Adams had left a message for Christina at her dress shop before he boarded his plane in Amman, bound for Paris. No response. Her answering machine picked up again when he called her house before he left Paris for Minneapolis. Disappointed that he wouldn’t be met at the airport, unsure now of what he was walking into, his plane landed at MSP on a Saturday morning. As soon as he cleared Customs, he called Christina’s cell phone. Still no answer. He took a cab home from the airport. He called his legislative assistant, told her he’d be in the office early Monday morning, and that there were two tickets waiting for her and her husband at the Ordway that night.
Every time he drove past Christina’s house that weekend, the same strange car was parked in her driveway. Its presence prevented any further action. He never called her or stopped by. He would expose himself to disappointment and rejection no longer. Early the next week, the cleaning lady he and Christina shared told him what he feared had happened. Christina had met someone. His name was Richard Hunter: a businessman, ten years younger than Adams, recently divorced, scion of one of the richest families in Minneapolis. Besides being heir to a flour fortune, he owned the largest real estate company in Minnesota. Adams was familiar with
Richard Hunter; he frequently had business at the State Capitol, and was well-connected with Republicans who worked there.
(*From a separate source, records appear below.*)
(* Let $V$ be a finite-dimensional real vector space, $\Gamma$ a semigroup with identity $e$, and $\rho:\Gamma\to\mathrm{End}(V)$ an expansive endomorphism action with $\rho(e)=\mathrm{Id}$. Then there exists a finitely generated subsemigroup $\Gamma_0\subset\Gamma$ (containing $e$) whose action on $V$ (restriction of $\rho$) is expansive.
   Context: The action is expansive if there is a neighborhood $U$ of $0$ in $V$ with $\bigcap_{\gamma}\rho(\gamma)^{-1}(U)=\{0\}$; equivalently, every non-zero vector has an unbounded orbit. *)

From HB Require Import structures.
From mathcomp Require Import all_boot all_order all_algebra.
From mathcomp Require Import all_classical all_reals all_analysis.
Set Implicit Arguments. Unset Strict Implicit. Unset Printing Implicit Defensive.
Import Order.TTheory GRing.Theory Num.Theory.
Import numFieldNormedType.Exports.
Local Open Scope classical_set_scope.
Local Open Scope ring_scope.

Inductive generated (G : Type) (mul : G -> G -> G) (S : set G) : G -> Prop :=
  | gen_base : forall x, S x -> generated mul S x
  | gen_mul : forall x y, generated mul S x -> generated mul S y ->
                          generated mul S (mul x y).

(* V = R^n as column vectors, End(V) = n x n matrices acting by M *m v. *)
Definition expansive (R : realType) (n : nat) (G : Type)
  (rho : G -> 'M[R]_n) (I : set G) : Prop :=
  exists U : set 'cV[R]_n,
    nbhs (0 : 'cV[R]_n) U /\
    \bigcap_(g in I) [set v : 'cV[R]_n | U (rho g *m v)] = [set 0].

From HB Require Import structures.
From mathcomp Require Import all_boot all_order all_algebra.
From mathcomp Require Import all_classical all_reals all_analysis.
From mathcomp Require Import lra.
Import Order.TTheory GRing.Theory Num.Theory.
Import numFieldNormedType.Exports.
Local Open Scope classical_set_scope.
Local Open Scope ring_scope.

(* Expansiveness means every nonzero vector can be pushed out of a fixed ball,
   so by homogeneity some element of Gamma at least doubles its norm.  By
   compactness of the unit sphere, finitely many elements already suffice for
   all vectors.  Iterating them, the semigroup they generate stretches every
   nonzero vector by arbitrarily large factors, which is expansiveness. *)

Section MatrixNorm.
Variable R : realFieldType.

Lemma mx_norm_entry m n (x : 'M[R]_(m, n)) i j : `|x i j| <= `|x|.
Proof.
rewrite [leRHS]/Num.Def.normr /= mx_normrE.
exact: (le_bigmax _ (fun ij : 'I_m * 'I_n => `|x ij.1 ij.2|) (i, j)).
Qed.

Lemma mx_norm_le m n (x : 'M[R]_(m, n)) c :
  0 <= c -> (forall i j, `|x i j| <= c) -> `|x| <= c.
Proof.
move=> c_ge0 xc; rewrite [leLHS]/Num.Def.normr /= mx_normrE.
by apply/bigmax_leP; split=> // ij _; exact: xc.
Qed.

Lemma mx_norm_tr m n (x : 'M[R]_(m, n)) : `|x^T| = `|x|.
Proof.
apply/eqP; rewrite eq_le; apply/andP; split; apply: mx_norm_le => // i j.
  by rewrite mxE mx_norm_entry.
have -> : x i j = x^T j i by rewrite mxE.
exact: mx_norm_entry.
Qed.

Lemma mx_norm_mul m p q (A : 'M[R]_(m, p)) (B : 'M[R]_(p, q)) :
  `|A *m B| <= p%:R * `|A| * `|B|.
Proof.
apply: mx_norm_le => [|i j]; first by rewrite !mulr_ge0.
rewrite mxE; apply: le_trans (ler_norm_sum _ _ _) _.
apply: le_trans (_ : \sum_(k < p) `|A| * `|B| <= _).
  by apply: ler_sum => k _; rewrite normrM ler_pM ?mx_norm_entry.
by rewrite sumr_const card_ord -mulrA mulr_natl.
Qed.

Lemma mulmxr_continuous m p q (A : 'M[R]_(p, q)) :
  continuous (fun B : 'M[R]_(m, p) => B *m A).
Proof.
move=> B; apply/(@cvgrPdist_lt _ _ _ (nbhs B)) => eps eps_gt0.
have C_gt0 : 0 < `|A| * p%:R + 1 by rewrite ltr_wpDl ?mulr_ge0.
apply/nbhs_ballP; exists (eps / (`|A| * p%:R + 1)); first exact: divr_gt0.
move=> B'; rewrite -ball_normE /= ltr_pdivlMr // => BB'.
rewrite -mulmxBl; apply: le_lt_trans (@mx_norm_mul m p q (B - B') A) _.
apply: le_lt_trans BB'.
by rewrite [leLHS]mulrAC [leLHS]mulrC ler_wpM2l // mulrC lerDl.
Qed.
End MatrixNorm.

Section Expansive.
Context {R : realType} {n : nat}.
Implicit Types (v : 'cV[R]_n) (w : 'rV[R]_n).

Lemma expansiveP (G : Type) (rho : G -> 'M[R]_n) (I : set G) :
  expansive rho I <->
  exists2 eps : R, 0 < eps &
    forall v, v != 0 -> exists2 g, I g & eps <= `|rho g *m v|.
Proof.
split=> [[U [/nbhs_ballP[eps eps_gt0 epsU] IU]] | [eps eps_gt0 Ieps]].
  exists eps => // v v_neq0; apply: contrapT => small.
  suff : (\bigcap_(g in I) [set v | U (rho g *m v)]) v.
    by rewrite IU => /= v0; rewrite v0 eqxx in v_neq0.
  move=> g Ig; apply: epsU; rewrite -ball_normE /= sub0r normrN ltNge.
  by apply/negP => epsg; apply: small; exists g.
exists [set u | `|u| < eps]; split.
  by apply/nbhs_ballP; exists eps => // u; rewrite -ball_normE /= sub0r normrN.
apply/seteqP; split=> v /=; last by move=> -> g _; rewrite /= mulmx0 normr0.
move=> Iv; apply/eqP/negPn/negP => /Ieps[g Ig].
by rewrite leNgt => /negP; apply; exact: Iv.
Qed.

Lemma expansive_double {G : Type} {rho : G -> 'M[R]_n} {I : set G} :
  expansive rho I ->
  forall v, v != 0 -> exists2 g, I g & 2 * `|v| < `|rho g *m v|.
Proof.
move=> /expansiveP[eps eps_gt0 Ieps] v v_neq0.
have v_gt0 : 0 < `|v| by rewrite normr_gt0.
have c_gt0 : 0 < eps / (3 * `|v|) by rewrite divr_gt0 ?mulr_gt0.
have [|g Ig] := Ieps (eps / (3 * `|v|) *: v).
  by rewrite scaler_eq0 negb_or gt_eqF.
rewrite -scalemxAr normrZ gtr0_norm // => epsg; exists g => //.
move: epsg; rewrite -ler_pdivrMl // invf_div divfK ?gt_eqF //; lra.
Qed.

Lemma unit_sphere_compact : compact [set w : 'rV[R]_n | `|w| = 1].
Proof.
apply: bounded_closed_compact.
  by exists 1; split=> [|r r_gt1 w /= ->]; [exact: num_real | exact: ltW].
rewrite -[X in closed X]/((fun w : 'rV[R]_n => `|w|) @^-1` [set x : R | x = 1]).
apply: preimage_closed; last exact: closed_eq.
by move=> w _; exact: norm_continuous.
Qed.

Lemma open_norm_mulmxr_gt m (A : 'M[R]_(n, m)) (c : R) :
  open [set u : 'rV[R]_n | c < `|u *m A|].
Proof.
rewrite -[X in open X]/((fun u => `|u *m A|) @^-1` [set x | c < x]).
apply: open_comp; last exact: open_gt.
move=> u _; apply: continuous_comp; first exact: mulmxr_continuous.
exact: norm_continuous.
Qed.

Lemma expanding_finite_subfamily {T : Type} {M : T -> 'M[R]_n} {c : R} :
  (forall v, v != 0 -> exists t, c * `|v| < `|M t *m v|) ->
  exists k (t : 'I_k -> T),
    forall v, v != 0 -> exists i, c * `|v| < `|M (t i) *m v|.
Proof.
move=> Mc.
(* [choice] below needs an inhabitant of [T]; if [T] is empty, [Mc] forces
   every vector to be [0]. *)
have [[t0 _]|T0] := pselect (exists t : T, True); last first.
  exists 0, (fun i : 'I_0 => False_rect T (notF (ltn_ord i))) => v /Mc[t _].
  by case: T0; exists t.
(* The sphere is taken among row vectors, where compactness is available. *)
pose K := [set w : 'rV[R]_n | `|w| = 1].
have norm_mulmx_tr t w : `|M t *m w^T| = `|w *m (M t)^T|.
  by rewrite -mx_norm_tr trmx_mul trmxK.
have /choice[tw twK] : forall w, exists t, K w -> c < `|w *m (M t)^T|.
  move=> w; have [Kw|notKw] := pselect (K w); last by exists t0 => /notKw.
  have [|t ct] := Mc w^T; first by rewrite -normr_gt0 mx_norm_tr Kw ltr01.
  by exists t => _; move: ct; rewrite -norm_mulmx_tr mx_norm_tr Kw mulr1.
pose U w := [set u : 'rV[R]_n | c < `|u *m (M (tw w))^T|].
have U_open w : K w -> open (U w) by move=> _; exact: open_norm_mulmxr_gt.
have K_cover : K `<=` \bigcup_(w in K) U w.
  by move=> w Kw; exists w; last exact: twK.
have := unit_sphere_compact; rewrite compact_cover.
move=> /(_ _ K U U_open K_cover)[D _ KD].
pose s := finmap.enum_fset D.
exists (size s), (fun i => tw (nth 0 s i)) => v v_neq0.
have v_gt0 : 0 < `|v^T| by rewrite normr_gt0 trmx_eq0.
have /KD[w' w'D vw'] : K (`|v^T|^-1 *: v^T).
  by rewrite /K /= normrZ normfV normr_id mulVf ?gt_eqF.
have w'_idx : (index w' s < size s)%N by rewrite index_mem; exact: w'D.
exists (Ordinal w'_idx); rewrite /= nth_index ?index_mem //.
move: vw'; rewrite /U /= -scalemxAl normrZ normfV normr_id mx_norm_tr.
by rewrite -norm_mulmx_tr trmxK mulrC ltr_pdivlMr // -mx_norm_tr.
Qed.

Section Generated.
Context {G : Type} {mul : G -> G -> G} {rho : G -> 'M[R]_n}.
Hypothesis rhoM : forall a b, rho (mul a b) = rho a *m rho b.
Variable S : set G.
Hypothesis S_double :
  forall v, v != 0 -> exists2 s, S s & 2 * `|v| < `|rho s *m v|.

Lemma generated_norm_growth m v : v != 0 ->
  exists2 h, generated mul S h & m.+1%:R * `|v| <= `|rho h *m v|.
Proof.
move=> v_neq0; have v_gt0 : 0 < `|v| by rewrite normr_gt0.
elim: m => [|m [h Sh hv]].
  by have [s Ss sv] := S_double _ v_neq0; exists s; [exact: gen_base | lra].
have v_le : `|v| <= `|rho h *m v|.
  by apply: le_trans hv; rewrite ler_peMl // ler1n.
have [|s Ss su] := S_double (rho h *m v).
  by rewrite -normr_gt0; exact: lt_le_trans v_le.
exists (mul s h); first by apply: gen_mul => //; exact: gen_base.
by rewrite rhoM -mulmxA -addn1 natrD mulrDl mul1r; lra.
Qed.

Lemma generated_expansive : expansive rho (generated mul S).
Proof.
apply/expansiveP; exists 1 => // v v_neq0.
have v_gt0 : 0 < `|v| by rewrite normr_gt0.
have [h Sh hv] := generated_norm_growth (Num.bound `|v|^-1) _ v_neq0.
exists h => //; apply: le_trans hv; rewrite -ler_pdivrMr // div1r ltW //.
by apply: lt_le_trans (archi_boundP _) _; rewrite ?invr_ge0 // ler_nat.
Qed.

End Generated.
End Expansive.

Theorem lemma3p1 (R : realType) (n : nat) (G : Type)
  (mul : G -> G -> G) (e : G)
  (mulA : associative mul) (mul1g : left_id e mul) (mulg1 : right_id e mul)
  (rho : G -> 'M[R]_n)
  (rhoM : forall a b, rho (mul a b) = rho a *m rho b)
  (rho1 : rho e = 1%:M)
  (hexp : expansive rho setT) :
  exists (k : nat) (g : 'I_k -> G),
    expansive rho (generated mul (range g `|` [set e])).
Proof.
have rho_double (v : 'cV[R]_n) : v != 0 -> exists g, 2 * `|v| < `|rho g *m v|.
  by move=> /(expansive_double hexp)[g _]; exists g.
have [k [g g_double]] := expanding_finite_subfamily rho_double.
exists k, g; apply: (generated_expansive rhoM) => v /g_double[i gi].
by exists (g i) => //; left; exists i.
Qed.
Hunter fancied himself a swashbuckling entrepreneur, and presented himself accordingly. Adams claimed that his carefully crafted reputation was undeserved. He said Hunter frequently made bad business decisions that were papered over by large infusions of cash from the family fortune. As Adams talked, I thought of Jim Breech and his story about the high school senior who broke all of his scoring records at Maplewood High. I felt more comfortable when Adams shifted his focus back to Christina.
Hunter apparently had Christina in his sights for a long time. As Adams moved so excruciatingly slow, so delicately, to wrap his arms around Christina’s life, he failed to sense her loneliness. Hunter gave Christina all his time a
nd all his attention. She soaked up everything he poured on her like a five-foot-five, hundred-and-ten-pound sponge. Because Adams had dropped out of Christina’s life without any kind of an explanation for more than two months—between the time Hind, Farah, and Nur were killed and when he had tried to call her from Amman—she figured he had lost interest. Work and distance had pushed Christina away from his center. The death of his friends shoved Christina and everything else in the world beyond his reach. His tenuous hold on his previous life was tethered by a single phone call—the one he made to me an hour after the catastrophe in Mosul.
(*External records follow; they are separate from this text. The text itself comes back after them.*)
(* Let $u$ be a nondecreasing packed word and let $v,v'$ be packed words with $\mathrm{WC}(v')=\mathrm{WC}(v)$. Then $\zeta(\mathbf M_u\star_q\mathbf M_v)=\zeta(\mathbf M_u\star_q\mathbf M_{v'})$.
   Context: Over $\mathbb K(q)$ ($\mathrm{char}\,\mathbb K=0$): packed words are words with letter set $\{1,\dots,m\}$; $\mathrm{pack}$ replaces the $t$-th smallest letter by $t$. For a packed word $w$ of length $N$: $\mathrm{WC}(w)$ is the composition of $N$ whose descent set (set of partial sums other than $N$) is the set of positions $p<N$ with $w_p$ not occurring in $w_{p+1}\cdots w_N$; $\mathrm{sinv}(w)=\#\{i<j:w_i>w_j,\ w_j\text{ not occurring in }w_{j+1}\cdots w_N\}$. $\mathbf{WQSym}$ has basis $\mathbf M_u$ with $\mathbf M_{u'}\mathbf M_{u''}=\sum\mathbf M_z$ over packed $z=x\cdot y$ with $\mathrm{pack}(x)=u'$, $\mathrm{pack}(y)=u''$; $\mathbf M_{u'}\star_q\mathbf M_{u''}=\sum q^{\mathrm{sinv}(z)-\mathrm{sinv}(u')-\mathrm{sinv}(u'')}\mathbf M_z$ over the same $z$. $\zeta$ is the quotient map from $\mathbf{WQSym}$ to its quotient by the span of all $\mathbf M_z-\mathbf M_{z'}$ with $\mathrm{WC}(z)=\mathrm{WC}(z')$. *)

From HB Require Import structures.
From mathcomp Require Import all_boot all_order all_algebra.
Set Implicit Arguments. Unset Strict Implicit. Unset Printing Implicit Defensive.
Import Order.TTheory GRing.Theory Num.Theory.
Local Open Scope ring_scope.

(* Words are sequences of positive naturals (letters). *)
Definition word := seq nat.

Definition maxl (w : word) : nat := foldr maxn 0%N w.

Definition packed (w : word) : bool :=
  (0%N \notin w) && all (fun i => i \in w) (iota 1 (maxl w)).

Definition pack (w : word) : word :=
  map (fun x => (index x (sort leq (undup w))).+1) w.

(* Descent positions p (1-indexed, p < N) with w_p not occurring in w_{p+1}...w_N *)
Definition WCdes (w : word) : seq nat :=
  [seq p <- iota 1 (size w).-1 | nth 0%N w p.-1 \notin drop p w].

(* the composition of N = size w whose descent set (partial sums < N) is WCdes w *)
Definition WC (w : word) : seq nat :=
  if w is [::] then [::]
  else pairmap (fun a b => (b - a)%N) 0%N (rcons (WCdes w) (size w)).

Definition sinv (w : word) : nat :=
  \sum_(0 <= j < size w)
     if nth 0%N w j \notin drop j.+1 w then
       count (fun i => nth 0%N w j < nth 0%N w i)%N (iota 0 j)
     else 0%N.

Definition nondecreasing (w : word) : bool := sorted leq w.

(* The scalar field K(q), with q transcendental. *)
Definition Kq (K : fieldType) := {fraction {poly K}}.
Definition qv (K : fieldType) : Kq K := FracField.tofrac 'X.

(* Elements of WQSym are represented by their coefficient function
   z |-> coefficient of M_z (finitely supported on packed words). *)
Definition WQ (K : fieldType) := word -> Kq K.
“Their picture was on the society page in the Sunday Star Tribune last week.” Adams reached over to the coffee table and rummaged through the newspaper, pulling out the society section. I recognized it. The section he gave me had covered the poem. The two coffee-stained pages had disappeared.
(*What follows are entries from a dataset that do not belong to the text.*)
Lemma cont_on_continuous a b (psi : R -> R) :
  (forall t, a <= t <= b -> continuous psi t) -> cont_on a b psi.
Proof. apply cont_on_agree; auto. Qed.

Lemma cont_on_mult a b (phi psi : R -> R) : a <= b ->
  cont_on a b phi -> cont_on a b psi -> cont_on a b (fun t => phi t * psi t).
Proof.
  intros Hab Hphi Hpsi.
  apply (cont_on_agree _ _ _ (fun t => extend a b phi t * extend a b psi t)).
  - intros; rewrite !extend_id; auto.
  - intros; apply (continuous_mult (extend a b phi)); apply continuous_extend; auto.
Qed.

Lemma cont_on_plus a b (phi psi : R -> R) : a <= b ->
  cont_on a b phi -> cont_on a b psi -> cont_on a b (fun t => phi t + psi t).
Proof.
  intros Hab Hphi Hpsi.
  apply (cont_on_agree _ _ _ (fun t => extend a b phi t + extend a b psi t)).
  - intros; rewrite !extend_id; auto.
  - intros; apply (continuous_plus (extend a b phi)); apply continuous_extend; auto.
Qed.

Lemma cont_on_const a b c : cont_on a b (fun _ => c).
Proof. apply cont_on_continuous; intros; apply continuous_const. Qed.

Lemma ex_RInt_cont_on a b (phi : R -> R) : a <= b -> cont_on a b phi -> ex_RInt phi a b.
Proof.
  intros Hab Hc. apply (ex_RInt_ext (extend a b phi)).
  - rewrite Rmin_left, Rmax_right by lra. intros; apply extend_id; lra.
  - apply (@ex_RInt_continuous R_CompleteNormedModule); intros.
    apply continuous_extend; auto.
Qed.

Lemma ex_RInt_ext_R (phi psi : R -> R) a b :
  (forall s, Rmin a b < s < Rmax a b -> phi s = psi s) -> ex_RInt phi a b -> ex_RInt psi a b.
Proof. apply ex_RInt_ext. Qed.

Lemma RInt_ext_R (phi psi : R -> R) a b :
  (forall s, Rmin a b < s < Rmax a b -> phi s = psi s) -> RInt phi a b = RInt psi a b.
Proof. apply RInt_ext. Qed.

Lemma RInt_scal_R (phi : R -> R) a b c : ex_RInt phi a b ->
  RInt (fun s => c * phi s) a b = c * RInt phi a b.
Proof. apply (@RInt_scal R_CompleteNormedModule). Qed.

Lemma RInt_plus_R (phi psi : R -> R) a b : ex_RInt phi a b -> ex_RInt psi a b ->
  RInt (fun s => phi s + psi s) a b = RInt phi a b + RInt psi a b.
Proof. apply (@RInt_plus R_CompleteNormedModule). Qed.

Lemma is_derive_RInt_continuous (p : R -> R) a :
  (forall t, continuous p t) -> forall t, is_derive (fun s => RInt p a s) t (p t).
Proof.
  intros Hc t. apply (is_derive_RInt p _ a); [| apply Hc].
  apply filter_forall; intros s; apply (@RInt_correct R_CompleteNormedModule).
  apply (@ex_RInt_continuous R_CompleteNormedModule); auto.
Qed.

Lemma exp_double x : exp (2 * x) = exp x ^ 2.
Proof. replace (2 * x) with (x + x) by ring. rewrite exp_plus. ring. Qed.

Lemma is_derive_exp_comp (F : R -> R) t l :
  is_derive F t l -> is_derive (fun s => exp (F s)) t (l * exp (F t)).
Proof. intros HF. apply (is_derive_comp exp F); [apply is_derive_exp | exact HF]. Qed.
“Hunter made a big contribution to the children’s museum where she does volunteer work. That’s him in the picture giving the director a check. Christina’s standing beside him.”
I put the newspaper back on the coffee table. To this day I don’t know what he did with the poem.
“The ring is in a box somewhere in my office. Christina didn’t get the messages I left for her until the Saturday I got back from Iraq—the same day she and Hunter returned from a week at his second home in Florida. I’m glad I didn’t run into them in the airport.”
Exhausted, Adams placed his glass on the table and buried his face in his hands. He straightened up. “So that’s why I’ve been acting like my porch is the top of a sand dune in the Sahara desert, it’s in the middle of the day, and I’m barefoot. I came back from Iraq a mess. I need some full-time support and guidance to fix me. Christina is the right person, in the right place, at the right time. But she’s not available anymore because my bad choices and stupid hang-ups have driven her into the arms of somebody else.”